_Exercise requirements_
Give the number of lines in this listing that contain "realType", with no other words.

_Exercise data_
■ ■ ■ ■ ■

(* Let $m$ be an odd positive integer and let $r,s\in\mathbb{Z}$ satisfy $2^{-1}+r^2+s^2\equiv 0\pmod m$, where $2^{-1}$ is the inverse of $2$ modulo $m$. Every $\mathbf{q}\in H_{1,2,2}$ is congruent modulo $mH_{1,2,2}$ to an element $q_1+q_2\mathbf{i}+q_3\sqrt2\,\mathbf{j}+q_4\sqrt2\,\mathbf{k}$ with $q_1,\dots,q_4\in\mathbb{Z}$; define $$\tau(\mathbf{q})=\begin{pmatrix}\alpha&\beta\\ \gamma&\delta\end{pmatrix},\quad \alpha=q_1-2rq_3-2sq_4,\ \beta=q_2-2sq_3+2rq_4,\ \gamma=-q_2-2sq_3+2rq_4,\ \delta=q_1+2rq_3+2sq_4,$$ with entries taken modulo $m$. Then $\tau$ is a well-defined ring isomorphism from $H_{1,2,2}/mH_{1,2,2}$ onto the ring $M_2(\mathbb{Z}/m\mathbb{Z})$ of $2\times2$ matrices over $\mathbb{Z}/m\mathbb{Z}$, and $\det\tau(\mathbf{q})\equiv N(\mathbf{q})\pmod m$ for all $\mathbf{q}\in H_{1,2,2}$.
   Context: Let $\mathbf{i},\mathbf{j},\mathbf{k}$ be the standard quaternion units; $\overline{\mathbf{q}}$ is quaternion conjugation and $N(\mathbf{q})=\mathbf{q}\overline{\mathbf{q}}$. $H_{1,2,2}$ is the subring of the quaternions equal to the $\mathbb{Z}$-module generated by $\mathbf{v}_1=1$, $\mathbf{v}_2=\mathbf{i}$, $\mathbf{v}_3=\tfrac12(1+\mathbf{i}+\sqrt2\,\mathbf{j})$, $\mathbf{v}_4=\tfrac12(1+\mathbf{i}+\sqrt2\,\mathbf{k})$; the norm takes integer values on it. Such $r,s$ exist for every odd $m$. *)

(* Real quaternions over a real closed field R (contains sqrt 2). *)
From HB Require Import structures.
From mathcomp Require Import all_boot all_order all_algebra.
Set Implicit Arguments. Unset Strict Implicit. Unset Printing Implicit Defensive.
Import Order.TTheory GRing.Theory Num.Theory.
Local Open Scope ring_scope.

■ ■ ■ ■ ■

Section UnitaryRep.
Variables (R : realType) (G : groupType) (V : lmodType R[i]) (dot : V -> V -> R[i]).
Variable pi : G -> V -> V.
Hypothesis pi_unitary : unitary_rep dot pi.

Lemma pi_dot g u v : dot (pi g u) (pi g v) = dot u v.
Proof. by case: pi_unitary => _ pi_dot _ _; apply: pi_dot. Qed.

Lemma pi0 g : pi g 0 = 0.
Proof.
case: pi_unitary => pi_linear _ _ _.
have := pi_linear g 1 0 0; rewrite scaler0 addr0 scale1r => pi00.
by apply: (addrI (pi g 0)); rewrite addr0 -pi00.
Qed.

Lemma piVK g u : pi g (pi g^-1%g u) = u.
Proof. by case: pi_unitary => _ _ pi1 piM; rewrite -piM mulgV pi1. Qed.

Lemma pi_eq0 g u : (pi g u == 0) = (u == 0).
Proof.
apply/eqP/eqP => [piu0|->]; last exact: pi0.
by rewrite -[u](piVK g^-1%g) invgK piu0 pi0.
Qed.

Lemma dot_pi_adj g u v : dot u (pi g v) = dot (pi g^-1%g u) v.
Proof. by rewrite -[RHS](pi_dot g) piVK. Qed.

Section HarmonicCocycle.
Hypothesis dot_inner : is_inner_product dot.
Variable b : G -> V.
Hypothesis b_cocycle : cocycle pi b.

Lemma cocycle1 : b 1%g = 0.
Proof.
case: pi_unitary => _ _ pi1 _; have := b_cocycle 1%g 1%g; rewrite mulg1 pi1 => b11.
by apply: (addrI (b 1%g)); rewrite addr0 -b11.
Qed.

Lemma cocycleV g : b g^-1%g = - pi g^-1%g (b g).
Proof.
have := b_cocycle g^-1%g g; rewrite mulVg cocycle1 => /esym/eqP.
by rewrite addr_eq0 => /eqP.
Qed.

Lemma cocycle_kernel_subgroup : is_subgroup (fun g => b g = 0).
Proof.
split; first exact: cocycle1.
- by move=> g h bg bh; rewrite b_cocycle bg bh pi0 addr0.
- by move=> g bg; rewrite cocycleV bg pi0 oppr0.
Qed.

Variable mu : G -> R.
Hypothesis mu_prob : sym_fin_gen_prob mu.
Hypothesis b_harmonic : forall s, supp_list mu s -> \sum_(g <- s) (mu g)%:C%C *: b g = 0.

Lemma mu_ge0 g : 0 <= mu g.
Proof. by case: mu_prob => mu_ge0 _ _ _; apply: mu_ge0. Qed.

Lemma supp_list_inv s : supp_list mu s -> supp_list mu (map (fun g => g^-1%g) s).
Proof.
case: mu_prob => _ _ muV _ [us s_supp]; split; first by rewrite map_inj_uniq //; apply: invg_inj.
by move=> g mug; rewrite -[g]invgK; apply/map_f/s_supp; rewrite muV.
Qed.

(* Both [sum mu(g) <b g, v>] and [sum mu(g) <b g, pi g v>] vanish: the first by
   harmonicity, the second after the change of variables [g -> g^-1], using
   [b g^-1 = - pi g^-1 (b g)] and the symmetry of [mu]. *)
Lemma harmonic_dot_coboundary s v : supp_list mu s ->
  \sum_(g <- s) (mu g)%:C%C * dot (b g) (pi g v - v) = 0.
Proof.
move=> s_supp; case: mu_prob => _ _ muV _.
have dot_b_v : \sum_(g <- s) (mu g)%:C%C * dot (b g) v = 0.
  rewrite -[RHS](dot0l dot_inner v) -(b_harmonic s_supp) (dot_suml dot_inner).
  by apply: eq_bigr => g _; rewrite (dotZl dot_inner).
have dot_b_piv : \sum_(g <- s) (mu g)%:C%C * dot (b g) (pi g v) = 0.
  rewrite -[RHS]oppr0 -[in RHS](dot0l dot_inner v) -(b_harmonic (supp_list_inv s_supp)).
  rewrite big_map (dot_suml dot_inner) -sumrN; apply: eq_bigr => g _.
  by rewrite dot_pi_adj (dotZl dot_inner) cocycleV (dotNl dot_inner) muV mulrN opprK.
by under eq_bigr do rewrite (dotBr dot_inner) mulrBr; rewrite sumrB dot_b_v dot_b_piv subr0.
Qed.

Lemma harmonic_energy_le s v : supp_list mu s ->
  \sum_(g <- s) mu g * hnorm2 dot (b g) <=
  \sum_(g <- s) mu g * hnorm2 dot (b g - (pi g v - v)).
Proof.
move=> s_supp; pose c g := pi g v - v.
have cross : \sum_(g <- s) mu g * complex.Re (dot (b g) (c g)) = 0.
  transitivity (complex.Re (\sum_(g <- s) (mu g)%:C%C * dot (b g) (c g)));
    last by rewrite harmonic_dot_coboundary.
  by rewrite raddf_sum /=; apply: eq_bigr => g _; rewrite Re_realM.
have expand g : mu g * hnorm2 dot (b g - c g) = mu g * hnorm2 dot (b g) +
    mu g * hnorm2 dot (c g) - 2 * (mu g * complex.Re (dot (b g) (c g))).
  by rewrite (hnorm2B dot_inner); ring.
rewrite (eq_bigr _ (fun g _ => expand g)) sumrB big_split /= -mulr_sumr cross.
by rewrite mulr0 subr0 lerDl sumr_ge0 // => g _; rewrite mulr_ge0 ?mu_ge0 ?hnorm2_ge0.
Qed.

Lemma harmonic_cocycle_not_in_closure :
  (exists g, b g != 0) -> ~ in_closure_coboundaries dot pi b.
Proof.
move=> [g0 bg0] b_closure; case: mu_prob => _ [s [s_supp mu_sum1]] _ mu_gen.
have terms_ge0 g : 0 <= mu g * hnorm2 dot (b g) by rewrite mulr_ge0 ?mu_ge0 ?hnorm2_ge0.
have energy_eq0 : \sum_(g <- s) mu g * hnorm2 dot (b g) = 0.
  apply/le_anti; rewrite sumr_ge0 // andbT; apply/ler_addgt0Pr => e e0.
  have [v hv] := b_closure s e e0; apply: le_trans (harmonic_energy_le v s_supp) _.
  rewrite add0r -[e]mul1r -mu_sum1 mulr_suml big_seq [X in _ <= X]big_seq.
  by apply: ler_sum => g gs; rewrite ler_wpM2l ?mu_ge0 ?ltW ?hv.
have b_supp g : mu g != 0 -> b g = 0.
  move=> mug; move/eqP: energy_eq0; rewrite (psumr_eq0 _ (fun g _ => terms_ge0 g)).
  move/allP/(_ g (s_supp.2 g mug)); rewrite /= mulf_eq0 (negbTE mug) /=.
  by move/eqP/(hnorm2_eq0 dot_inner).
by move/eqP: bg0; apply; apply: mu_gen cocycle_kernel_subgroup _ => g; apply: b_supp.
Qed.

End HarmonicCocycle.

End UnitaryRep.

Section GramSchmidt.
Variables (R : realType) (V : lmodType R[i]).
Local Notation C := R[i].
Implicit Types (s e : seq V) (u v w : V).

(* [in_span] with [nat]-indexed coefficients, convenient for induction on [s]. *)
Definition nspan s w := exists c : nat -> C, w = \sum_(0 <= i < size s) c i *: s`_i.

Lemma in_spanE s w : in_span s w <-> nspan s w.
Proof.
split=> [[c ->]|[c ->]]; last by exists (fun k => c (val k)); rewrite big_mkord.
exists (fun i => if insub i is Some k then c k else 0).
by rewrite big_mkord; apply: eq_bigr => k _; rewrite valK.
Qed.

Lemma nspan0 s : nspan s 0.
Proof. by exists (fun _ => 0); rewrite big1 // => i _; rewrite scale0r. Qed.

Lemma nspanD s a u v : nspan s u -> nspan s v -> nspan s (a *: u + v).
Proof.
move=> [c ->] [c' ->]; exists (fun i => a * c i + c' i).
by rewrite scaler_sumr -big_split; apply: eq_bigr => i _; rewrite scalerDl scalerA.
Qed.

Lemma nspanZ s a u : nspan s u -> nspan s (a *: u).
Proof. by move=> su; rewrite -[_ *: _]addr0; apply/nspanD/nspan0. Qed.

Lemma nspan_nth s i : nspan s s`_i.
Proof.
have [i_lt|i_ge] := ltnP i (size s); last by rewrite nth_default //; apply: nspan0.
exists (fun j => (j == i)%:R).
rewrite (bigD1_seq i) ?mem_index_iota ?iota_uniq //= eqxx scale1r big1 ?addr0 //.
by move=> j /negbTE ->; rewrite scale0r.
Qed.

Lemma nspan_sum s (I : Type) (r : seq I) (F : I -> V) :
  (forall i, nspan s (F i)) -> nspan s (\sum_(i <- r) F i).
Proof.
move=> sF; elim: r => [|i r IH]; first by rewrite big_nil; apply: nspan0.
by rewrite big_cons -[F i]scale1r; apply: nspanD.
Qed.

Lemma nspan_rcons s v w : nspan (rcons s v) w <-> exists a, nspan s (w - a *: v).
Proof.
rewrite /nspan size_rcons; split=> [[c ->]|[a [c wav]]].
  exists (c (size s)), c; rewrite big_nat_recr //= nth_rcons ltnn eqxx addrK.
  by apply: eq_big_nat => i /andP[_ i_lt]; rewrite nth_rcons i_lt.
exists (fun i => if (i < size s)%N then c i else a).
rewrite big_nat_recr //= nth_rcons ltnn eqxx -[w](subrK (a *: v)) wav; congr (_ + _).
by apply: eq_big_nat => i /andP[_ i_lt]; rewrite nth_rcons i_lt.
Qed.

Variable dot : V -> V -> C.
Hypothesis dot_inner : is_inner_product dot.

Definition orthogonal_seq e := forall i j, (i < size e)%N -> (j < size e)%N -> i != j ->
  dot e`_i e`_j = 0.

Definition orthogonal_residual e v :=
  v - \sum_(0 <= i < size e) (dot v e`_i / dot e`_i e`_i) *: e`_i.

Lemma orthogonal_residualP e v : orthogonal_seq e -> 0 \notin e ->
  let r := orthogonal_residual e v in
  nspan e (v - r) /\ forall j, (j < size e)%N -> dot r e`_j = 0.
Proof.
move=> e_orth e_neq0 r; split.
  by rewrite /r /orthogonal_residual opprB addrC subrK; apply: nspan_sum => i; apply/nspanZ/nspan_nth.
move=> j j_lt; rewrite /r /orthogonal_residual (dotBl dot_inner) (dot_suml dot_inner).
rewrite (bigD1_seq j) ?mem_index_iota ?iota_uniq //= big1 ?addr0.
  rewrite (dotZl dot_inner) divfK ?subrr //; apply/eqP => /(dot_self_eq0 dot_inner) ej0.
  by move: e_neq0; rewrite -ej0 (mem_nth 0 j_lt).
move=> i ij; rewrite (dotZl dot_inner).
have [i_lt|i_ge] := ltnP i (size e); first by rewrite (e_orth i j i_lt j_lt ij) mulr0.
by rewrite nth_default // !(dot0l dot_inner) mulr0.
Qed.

■ ■ ■ ■ ■

_Expected output_
2